Records for this task:
★ ★ ★ ★

Lemma cone_peak_vertex S p d : cone_peak S p d -> 0 < d ->
  vertex (CH (@Dxy' R) S) p.
Proof.
move=> hp d0; split; first exact: cone_peak_boundary hp d0.
case=> r [[d1 d2] [r0 [dn0 onLine]]].
have K0 : 0 < `|d1| + `|d2|.
  have := normr_ge0 d1; have := normr_ge0 d2.
  by case/nandP: dn0; rewrite -normr_gt0; lra.
(* If the boundary near [p] were a line of direction [(d1, d2)], both
   [p + t (d1, d2)] and [p - t (d1, d2)] would be boundary points, hence both
   below the downward wedge at [p]: this forces [t (d1, d2) = 0]. *)
pose t := Num.min r d / (2 * (`|d1| + `|d2|)).
have t0 : 0 < t by apply: divr_gt0; rewrite ?lt_min ?r0 ?d0; lra.
have tK : `|t * d1| + `|t * d2| = Num.min r d / 2.
  by rewrite (normrM t d1) (normrM t d2) (gtr0_norm t0) -mulrDr /t; field; lra.
have [mr md] : Num.min r d <= r /\ Num.min r d <= d.
  by split; rewrite ge_min lexx ?orbT.
have bd (u : R) : `|u| = t -> 2 * `|u * d1| <= d /\
    boundary (CH (@Dxy' R) S) (p.1 + u * d1, p.2 + u * d2).
  move=> ut.
  have e1 : `|u * d1| = `|t * d1| by rewrite (normrM u) (normrM t) ut (gtr0_norm t0).
  have e2 : `|u * d2| = `|t * d2| by rewrite (normrM u) (normrM t) ut (gtr0_norm t0).
  have := normr_ge0 (t * d1); have := normr_ge0 (t * d2).
  split; first by rewrite e1; lra.
  apply/(onLine _ _).2; last by exists u.
  rewrite /sqdist /= !opprD !addrA !subrr !add0r !sqrrN.
  rewrite -(real_normK (num_real (u * d1))) -(real_normK (num_real (u * d2))) e1 e2.
  nra.
have [h1 b1] := bd t (gtr0_norm t0).
have [h2 b2] := bd (- t) ltac:(by rewrite normrN gtr0_norm).
have := cone_peak_boundary_below hp h1 b1.
have := cone_peak_boundary_below hp h2 b2.
rewrite !mulNr !normrN => below_minus below_plus.
have td1_0 : `|t * d1| = 0 by have := normr_ge0 (t * d1); lra.
have td2_0 : t * d2 = 0 by lra.
have : 0 < Num.min r d by rewrite lt_min r0 d0.
by move: tK; rewrite td2_0 td1_0 normr0; lra.
Qed.

End ConePeak.

Section FinitePointSets.
Variable R : realType.
Notation pt := (R * R)%type.

Lemma exists_seq_argmax (T : eqType) (f : T -> R) (s : seq T) x : x \in s ->
  exists2 y, y \in s & forall z, z \in s -> f z <= f y.
Proof.
elim: s x => // a s IH x _; case: s IH => [|b s] IH.
  by exists a => [|z]; rewrite ?mem_seq1 ?eqxx // => /eqP ->.
have [y ys hy] := IH b (mem_head _ _).
have [ay|ya] := leP (f a) (f y).
  by exists y => [|z]; rewrite inE ?ys ?orbT // => /orP[/eqP ->|/hy].
exists a => [|z]; first exact: mem_head.
by rewrite inE => /orP[/eqP -> //|/hy]; lra.
Qed.

Lemma exists_seq_pos_lbound (T : eqType) (f : T -> R) (s : seq T) :
  (forall x, x \in s -> 0 < f x) -> exists2 e, 0 < e & forall x, x \in s -> e <= f x.
Proof.
elim: s => [|a s IH] fs0; first by exists 1.
have [x xs|e e0 he] := IH; first by apply: fs0; rewrite inE xs orbT.
exists (Num.min e (f a)); first by rewrite lt_min e0 fs0 ?mem_head.
by move=> x; rewrite inE ge_min => /orP[/eqP ->|/he ->]; rewrite ?lexx ?orbT.
Qed.

(* The highest point [q] of [s] in the upward wedge with apex [p] is a cone
   peak, hence a hull vertex, and it sits within [eps] of [p] horizontally as
   it cannot rise above height 1. *)
Lemma vertex_CH_near (s : seq pt) p (eps : R) : p \in s ->
  (forall q, q \in s -> q.2 <= 1) -> 1 - eps <= p.2 ->
  exists v, vertex (CH (@Dxy' R) (point_set s)) v /\ `|v.1 - p.1| <= eps.
Proof.
move=> ps s1 pe.
pose above := [pred q : pt | `|q.1 - p.1| <= q.2 - p.2].
have abovep : p \in [seq q <- s | above q] by rewrite mem_filter inE !subrr normr0 lexx.
have [q] := exists_seq_argmax snd abovep; rewrite mem_filter => /andP[Pq qs] hq.
have gap q' : q' \in [seq q' <- s | q' != q] -> 0 < `|q'.1 - q.1| - (q'.2 - q.2).
  rewrite mem_filter /= => /andP[q'q q's]; rewrite subr_gt0 ltNge; apply/negP => h.
  have Pq' : above q'.
    have := ler_normD (q'.1 - q.1) (q.1 - p.1).
    have -> : q'.1 - q.1 + (q.1 - p.1) = q'.1 - p.1 by ring.
    by move: Pq; rewrite !inE; lra.
  have := hq q'; rewrite mem_filter Pq' q's => /(_ isT) le.
  have : `|q'.1 - q.1| == 0 by rewrite eq_le normr_ge0; lra.
  have e2 : q'.2 = q.2 by have := normr_ge0 (q'.1 - q.1); lra.
  rewrite normr_eq0 subr_eq0 => /eqP e1.
  by case/eqP: q'q; rewrite [q']surjective_pairing e1 e2 -surjective_pairing.
have [d d0 hd] := exists_seq_pos_lbound gap.
exists q; split; last by move: Pq => /= Pq; have := s1 q qs; lra.
apply: (cone_peak_vertex (d := d)) => //; split; first exact: qs.
move=> q' q's /eqP q'q; have := hd q'; rewrite mem_filter /= q'q => /(_ q's); lra.
Qed.

Lemma count_le_complexity (A : set pt) (P : pred nat) (col : nat -> pt -> Prop)
    (l : seq nat) : uniq l ->
  (forall j, P j -> exists v, vertex A v /\ col j v) ->
  (forall j k v, col j v -> col k v -> j = k) ->
  ((count P l)%:R%:E <= complexity A)%E.
Proof.
move=> ul hP hcol; rewrite /complexity; case: ifPn => [/asboolP finV|_]; last first.
  by rewrite leey.
rewrite lee_fin ler_nat.
pose g j := xget (0, 0) [set v | vertex A v /\ col j v].
have gP j : P j -> vertex A (g j) /\ col j (g j) by move/hP/(xgetPex (0, 0)).
have uL : uniq (map g [seq j <- l | P j]).
  rewrite map_inj_in_uniq ?filter_uniq // => j k.
  rewrite !mem_filter => /andP[/gP[_ cj] _] /andP[/gP[_ ck] _] gjk.
  by apply: hcol cj _; rewrite gjk.
rewrite -size_filter -(size_map g); apply: uniq_leq_size uL _.
move=> v /mapP[j]; rewrite mem_filter => /andP[/gP[Vj _] _] ->.
by rewrite in_fset_set // mem_set.
Qed.

Definition in_box (x1 x2 y1 y2 : R) (q : pt) : bool :=
  (x1 <= q.1 <= x2) && (y1 <= q.2 <= y2).

Definition column_box (w : R) (j : nat) : pt -> bool :=
  in_box (j%:R * w + w / 4) (j%:R * w + 3 * w / 4) (1 - w / 8) 1.

Lemma count_column_boxes_le_complexity (w : R) (l : seq nat) (s : seq pt) :
  0 < w -> uniq l -> (forall q, q \in s -> q.2 <= 1) ->
  ((count (fun j => has (column_box w j) s) l)%:R%:E <=
    complexity (CH (@Dxy' R) (point_set s)))%E.
Proof.
move=> w0 ul s1; apply: (count_le_complexity (col := fun j (v : pt) =>
  j%:R * w + w / 8 <= v.1 <= j%:R * w + 7 * w / 8)) => //.
- move=> j /hasP[p ps /andP[/andP[a b] /andP[c _]]].
  have [v [hv]] := vertex_CH_near (eps := w / 8) ps s1 c.
  by rewrite ler_norml => /andP[h1 h2]; exists v; split => //; apply/andP; split; lra.
- move=> j k v /andP[a b] /andP[c d].
  have lt_succ (i i' : nat) : (i%:R - i'%:R - 1) * w < 0 -> (i <= i')%N.
    by rewrite pmulr_llt0 // -ltnS -(ltr_nat R) -natr1; lra.
  by apply/eqP; rewrite eqn_leq !lt_succ //; lra.
Qed.

End FinitePointSets.

Section ErealSup.
Local Open Scope ereal_scope.
Variable R : realType.
Implicit Types (A B : set (\bar R)) (x M : \bar R).

Lemma ereal_sup_addr_le A x M : A !=set0 -> (forall a, A a -> 0 <= a) ->
  0 <= x -> (forall a, A a -> a + x <= M) -> ereal_sup A + x <= M.
Proof.
move=> [a0 Aa0] A0; case: x => [r||] // r0 hA.
  by rewrite -leeBrDr //; apply: ge_ereal_sup => a Aa; rewrite leeBrDr //; exact: hA.
have := hA a0 Aa0; rewrite addey; last by apply: contraTneq (A0 a0 Aa0) => ->.
by rewrite leye_eq => /eqP ->; rewrite leey.
Qed.

Lemma ereal_sup_add_le A B M : A !=set0 -> B !=set0 ->
  (forall a, A a -> 0 <= a) -> (forall b, B b -> 0 <= b) ->
  (forall a b, A a -> B b -> a + b <= M) -> ereal_sup A + ereal_sup B <= M.
Proof.
move=> An0 Bn0 A0 B0 hAB; rewrite addeC; apply: ereal_sup_addr_le => //.
  by case: An0 => a Aa; exact: le_trans (A0 a Aa) (ereal_sup_ubound Aa).
by move=> b Bb; rewrite addeC; apply: ereal_sup_addr_le => // [|a Aa]; [exact: B0|exact: hAB].
Qed.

★ ★ ★ ★

Exercise: Only lines holding "exact" are wanted; copy all of them from the listing.

Task output:
move=> hp d0; split; first exact: cone_peak_boundary hp d0.
exists a => [|z]; first exact: mem_head.
apply: (cone_peak_vertex (d := d)) => //; split; first exact: qs.
  by rewrite -leeBrDr //; apply: ge_ereal_sup => a Aa; rewrite leeBrDr //; exact: hA.
  by case: An0 => a Aa; exact: le_trans (A0 a Aa) (ereal_sup_ubound Aa).
by move=> b Bb; rewrite addeC; apply: ereal_sup_addr_le => // [|a Aa]; [exact: B0|exact: hAB].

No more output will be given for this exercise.